Adding insult to the injury, my yearly evaluation came back with my first "average" rating for my annual performance as a professor. And, together with the "average" rating, I received the lowest salary increase I have ever received. (It was actually below inflation, so effectively it was a salary decrease.) Not that it would matter much if my salary increase were higher, but it would signify that there is some incentive to actively pursue cheating cases. The lousy increase was the nail in the coffin.

Will I pursue cheating cases in the future? Never, ever again!




The future: How to deal with cheating?

So, how to deal with cheating in the future?

I doubt that I will be checking again for cheaters. First, this is a losing battle: as I use more advanced cheating detection schemes, the cheaters will adapt. I am not a policeman fighting crime. My role is to educate, not to enforce honest behavior. This is a university, not a kindergarten. Second, when a couple of students cheat, they have a problem. When 22 students cheat, well, the problem is mine!

Suggestions to completely change the assignments from year to year are appealing at first glance, but they create other problems: it is tough to know in advance whether an assignment will be too easy, too hard, or too ambiguous. Even small-scale testing with TA's and other faculty does not help. You need to "test" the new assignment by giving it to students. If it is a good one, you want to keep it. If it is a bad one, you just gave the students a useless exercise.

What I came to realize is that the assignments' style was an inherent part of the problem. The solution is not to detect cheating.
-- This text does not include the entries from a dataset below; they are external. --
Definition locally_finite {X : Type} (Sigma : set (set X)) : Prop :=
  forall T, Sigma T -> exists l, enumerates l T.

Definition event {X : Type} (Sigma : set (set X)) (A : set X) : Prop :=
  exists T, Sigma T /\ subset A T.

Definition sumR {X : Type} (mu : X -> R) (l : list X) : R :=
  fold_right (fun x acc => mu x + acc) 0 l.

Definition probability_measure {X : Type} (Sigma : set (set X)) (mu : X -> R) : Prop :=
  (forall x, 0 <= mu x) /\
  (forall T l, Sigma T -> enumerates l T -> sumR mu l = 1).

Definition partial_order {D : Type} (le : D -> D -> Prop) : Prop :=
  (forall a, le a a) /\
  (forall a b, le a b -> le b a -> a = b) /\
  (forall a b c, le a b -> le b c -> le a c).

Definition strict {D : Type} (le : D -> D -> Prop) (a b : D) : Prop :=
  le a b /\ ~ le b a.

(* Pl is a plausibility measure; only its values on events matter *)
Definition plausibility_measure {X D : Type} (Sigma : set (set X))
    (le : D -> D -> Prop) (Pl : set X -> D) : Prop :=
  (forall T R, Sigma T -> Sigma R -> Pl T = Pl R) /\
  (forall A B, event Sigma A -> event Sigma B -> subset A B -> le (Pl A) (Pl B)) /\
  (forall T, Sigma T -> strict le (Pl emptyset) (Pl T)).

Fixpoint mult {X : Type} (x : X) (A : nat -> set X) (n : nat) : nat :=
  match n with
  | O => O
  | S k => (mult x A k + if excluded_middle_informative (A k x) then 1 else 0)%nat
  end.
The solution is to create assignments that are inherently not amenable to cheating:
  • Public projects: The database projects that use NYC Data Mine data (see the projects from 2009 and 2010) are one approach: they are public, and it would be meaningless to copy a project from a past semester. The risk of public embarrassment is a significant deterrent.
  • Peer reviewing: The other successful project is one in which students research a new technology and present their findings in class; the only grade they receive comes from their peers. The social pressure is so high that most of the presentations are of excellent quality. This year, the student presentation on augmented reality was so impressive that, for an MBA class, we simply showed the recorded presentation to the MBA students.
  • Competitions: To teach students how the web works, I ask them to create a website and attract at least 100 unique visitors. The student with the most visitors at the end of the semester receives an award (most often an iPod). I had some great results with this project (e.g., one student created a website on "How to Kill Nefarian" and got 150,000 visitors over 8 weeks) and some highly entertaining incidents.

These types of assignments work well for specific types of problems. I am still not sure how I can teach students, for example, to write database queries, without some "boring," well-defined assignments with pre-determined "correct" outcomes.

In other words, my theory is that cheating (on a systematic level) happens because students try to gain an edge over their peers/competitors. Even top-notch students cheat to ensure a perfect grade. Fighting cheating is not something that professors can do well in the long run, and it is counterproductive by itself. By channeling this competitive energy into creative activities, in which you cannot cheat, everyone is better off.

Any other suggestions are greatly appreciated. I am interested in what others are doing to deal with the problem.